January's meeting presented many of us with a new challenge: thinking outside the box. Many of us don't consider ourselves very creative, and simply follow a pattern verbatim, using the same yarn and accessories the designer used. However, Polly put together a program for us that made us stretch our creative muscle a bit. She demonstrated how an old pair of jeans can be made into a bag that she called her "Girl Scout Bag" because it looked like the sash worn by Girl Scouts. A very clever idea, in which the pockets of the jeans became the pockets of the bag, and the legs became the handle, or over the shoulder strap. She also had a couple of old sweaters that had either been accidentally or intentionally shrunk and felted, one of which had been turned into a very cute handbag by sewing up the bottom, sewing in a lining so the v-neck would be the bag's opening, and using the sleeves as the strap. The other sweater she held up and asked for ideas as to what we thought it could be made into. The exercise nudged us into looking at the sweater as not simply a sweater, rather to visualize it as something completely different.
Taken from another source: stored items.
Lemma is_imp_hi_of_RInt h u v l :
  (forall e, 0 < e < v - u -> ex_RInt h u (v - e)) ->
  (forall eps, 0 < eps -> exists d, 0 < d /\ forall e, 0 < e < d -> e < v - u ->
      Rabs (RInt h u (v - e) - l) < eps) ->
  is_imp_hi h u v l.
Proof.
  intros H1 H2. split.
  - intros e He. constructor. apply ex_RInt_Reals_0. auto.
  - intros eps Heps. destruct (H2 eps Heps) as [d [Hd Hc]]. exists d. split; auto.
    intros e pr He1 He2. rewrite <- RInt_Reals. auto.
Qed.

Lemma is_imp_0_inf_of_RInt h l :
  (forall e T, 0 < e <= T -> ex_RInt h e T) ->
  (forall eps, 0 < eps -> exists d M, 0 < d /\ forall e T, 0 < e < d -> M < T -> e <= T ->
     Rabs (RInt h e T - l) < eps) ->
  is_imp_0_inf h l.
Proof.
  intros H1 H2. split.
  - intros e T He. constructor. apply ex_RInt_Reals_0. auto.
  - intros eps Heps. destruct (H2 eps Heps) as [d [M [Hd Hc]]]. exists d, M. split; auto.
    intros e T pr H3 H4 H5. rewrite <- RInt_Reals. auto.
Qed.

Lemma is_imp_lo_unique h u v l1 l2 : u < v -> is_imp_lo h u v l1 -> is_imp_lo h u v l2 -> l1 = l2.
Proof.
  intros Huv [I1 H1] [_ H2]. apply eq_of_common_approx. intros eps Heps.
  destruct (H1 eps Heps) as [d1 [Hd1 D1]]. destruct (H2 eps Heps) as [d2 [Hd2 D2]].
  destruct (exists_below3 d1 d2 (v - u)) as (e & He & He1 & He2 & He3); try lra.
  destruct (I1 e ltac:(lra)) as [pr]. exists (RiemannInt pr). split; [apply D1|apply D2]; lra.
Qed.

Lemma is_imp_hi_unique h u v l1 l2 : u < v -> is_imp_hi h u v l1 -> is_imp_hi h u v l2 -> l1 = l2.
Proof.
  intros Huv [I1 H1] [_ H2]. apply eq_of_common_approx. intros eps Heps.
  destruct (H1 eps Heps) as [d1 [Hd1 D1]]. destruct (H2 eps Heps) as [d2 [Hd2 D2]].
  destruct (exists_below3 d1 d2 (v - u)) as (e & He & He1 & He2 & He3); try lra.
  destruct (I1 e ltac:(lra)) as [pr]. exists (RiemannInt pr). split; [apply D1|apply D2]; lra.
Qed.

Lemma is_imp_0_inf_unique h l1 l2 : is_imp_0_inf h l1 -> is_imp_0_inf h l2 -> l1 = l2.
Proof.
  intros [I1 H1] [_ H2]. apply eq_of_common_approx. intros eps Heps.
  destruct (H1 eps Heps) as [d1 [M1 [Hd1 D1]]]. destruct (H2 eps Heps) as [d2 [M2 [Hd2 D2]]].
  destruct (exists_below3 d1 d2 1) as (e & He & He1 & He2 & He3); try lra.
  set (T := Rmax (Rmax M1 M2) 1 + 1).
  assert (X1 := Rmax_l (Rmax M1 M2) 1). assert (X2 := Rmax_r (Rmax M1 M2) 1).
  assert (X3 := Rmax_l M1 M2). assert (X4 := Rmax_r M1 M2).
  destruct (I1 e T ltac:(unfold T; lra)) as [pr].
  exists (RiemannInt pr). split; [apply D1|apply D2]; unfold T; lra.
Qed.

Lemma imp_lo_value h u v l : u < v -> is_imp_lo h u v l -> imp_lo h u v = l.
Proof.
  intros Huv H. apply (is_imp_lo_unique h u v); auto.
  apply (epsilon_spec (inhabits 0) (fun l => is_imp_lo h u v l)). exists l; exact H.
Qed.

Lemma imp_hi_value h u v l : u < v -> is_imp_hi h u v l -> imp_hi h u v = l.
Proof.
  intros Huv H. apply (is_imp_hi_unique h u v); auto.
  apply (epsilon_spec (inhabits 0) (fun l => is_imp_hi h u v l)). exists l; exact H.
Qed.

Lemma Gamma_value th l : is_imp_0_inf (fun t => rpow t (th - 1) * exp (- t)) l -> Gamma th = l.
Proof.
  intro H. apply (is_imp_0_inf_unique (fun t => rpow t (th - 1) * exp (- t))); auto.
  apply (epsilon_spec (inhabits 0) (fun l => is_imp_0_inf (fun t => rpow t (th - 1) * exp (- t)) l)).
  exists l; exact H.
Qed.

Lemma is_imp_hi_of_reflection (g h : R -> R) u v l : u < v -> (forall x, g x = h (u + v - x)) ->
  is_imp_lo g u v l -> is_imp_hi h u v l.
Proof.
  intros Huv Hgh [I1 H1].
  assert (key : forall e, 0 < e < v - u ->
            ex_RInt h u (v - e) /\ RInt h u (v - e) = RInt g (u + e) v).
  { intros e He. destruct (I1 e He) as [pr].
    assert (Ex : ex_RInt g (-1 * (v - e) + (u + v)) (-1 * u + (u + v))).
    { replace (-1 * (v - e) + (u + v)) with (u + e) by ring.
      replace (-1 * u + (u + v)) with v by ring. exact (ex_RInt_Reals_1 _ _ _ pr). }
    assert (Eq : forall y, (scal (-1) (g (-1 * y + (u + v))) : R) = - h y).
    { intro y. rewrite Hgh. replace (u + v - (-1 * y + (u + v))) with y by ring.
      change (-1 * h y = - h y). ring. }
    assert (E1 : ex_RInt (fun y => - h y) (v - e) u).
    { eapply ex_RInt_ext; [intros; apply Eq|]. exact (ex_RInt_comp_lin g (-1) (u + v) _ _ Ex). }
    assert (E2 : ex_RInt h (v - e) u).
    { eapply ex_RInt_ext; [intros; apply Ropp_involutive|]. exact (ex_RInt_opp _ _ _ E1). }
    split; [apply ex_RInt_swap; exact E2|].
    assert (E3 := RInt_comp_lin g (-1) (u + v) (v - e) u Ex).
    replace (-1 * (v - e) + (u + v)) with (u + e) in E3 by ring.
    replace (-1 * u + (u + v)) with v in E3 by ring.
    rewrite <- E3, (RInt_ext _ (fun y => - h y) (v - e) u) by (intros; apply Eq).
    assert (E4 : RInt (fun y => - h y) (v - e) u = - RInt h (v - e) u) by exact (RInt_opp h _ _ E2).
    assert (E5 : RInt h u (v - e) = - RInt h (v - e) u) by exact (eq_sym (opp_RInt_swap h _ _ E2)).
    rewrite E4, E5. reflexivity. }
  apply is_imp_hi_of_RInt.
  - intros e He. apply key; auto.
  - intros eps Heps. destruct (H1 eps Heps) as [d [Hd Hc]]. exists d. split; auto.
    intros e He He'. destruct (key e ltac:(lra)) as [_ ->].
    destruct (I1 e ltac:(lra)) as [pr]. rewrite (RInt_Reals _ _ _ pr). apply Hc; auto.
Qed.

(** Euler's Gamma function: [Gamma (s + 1) = s Gamma s] and [Gamma s > 0]. *)

Definition gamma_integrand (s t : R) : R := Rpower t (s - 1) * exp (- t).

Lemma gamma_integrand_pos s t : 0 < gamma_integrand s t.
Proof. apply Rmult_lt_0_compat; [apply Rpower_pos|apply exp_pos]. Qed.

Lemma gamma_integrand_continuous s t : 0 < t -> continuity_pt (gamma_integrand s) t.
Proof.
  intro H. apply continuity_pt_mult.
  - eapply continuity_of_derivative. apply Rpower_derive. auto.
  - eapply continuity_of_derivative. apply exp_opp_derive.
Qed.

Lemma ex_RInt_gamma_integrand s a b : 0 < a -> 0 < b -> ex_RInt (gamma_integrand s) a b.
Proof.
  intros Ha Hb. apply ex_RInt_of_continuity. intros z Hz.
  assert (0 < Rmin a b) by (apply Rmin_glb_lt; lra).
  apply gamma_integrand_continuous. lra.
Qed.

Lemma gamma_partial_mono s e' e T T' : 0 < e' <= e -> e <= T -> T <= T' ->
  RInt (gamma_integrand s) e T <= RInt (gamma_integrand s) e' T'.
Proof.
  intros H1 H2 H3.
  assert (Pos : forall x y, 0 < x <= y -> 0 <= RInt (gamma_integrand s) x y).
  { intros x y Hxy. apply RInt_ge_0; [lra|apply ex_RInt_gamma_integrand; lra|].
    intros; left; apply gamma_integrand_pos. }
  rewrite <- (RInt_Chasles_R _ e' e T'), <- (RInt_Chasles_R _ e T T')
    by (apply ex_RInt_gamma_integrand; lra).
  assert (Pos1 := Pos e' e ltac:(lra)). assert (Pos2 := Pos T T' ltac:(lra)). lra.
Qed.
After the exercise we broke into 4 groups, and after receiving a bag of miscellaneous items, such as bits of ribbon, beads, yarn strands, fabric swatches, flower picks, buttons, old yarn cones, old jewelry, etc., we set to the task of creating something from them. There was much laughter as different items were snatched from the piles in the middle of the tables, and we began to get into the creativity "zone" as our works of art were born!
There was a Halloween-like cat made from a yarn cone and bits of black yarn, a "purse" made from an old checkbook cover that had been covered in fabric, utilizing lace as the handle and a button for the closure, a wristlet from a tubular piece of foam rubber that had been covered in felt, with a fringe glued to the edge, and a lace flower and leaves from an old Christmas decoration glued to the center. There were also a couple of other characters made from old yarn cones, and the pièce de résistance, Gorgeous Gladys! Gorgeous Gladys was sort of like a puppet as her "mouth" moved, and Mar told everyone Gladys was sporting a lovely fascinator on her head!
What we discovered from the exercise is that most of us are much more creative than we originally thought, we just don't give ourselves the credit we deserve. The challenge for us now is to utilize some of that non-linear creative thinking when going off to knit or create our next project.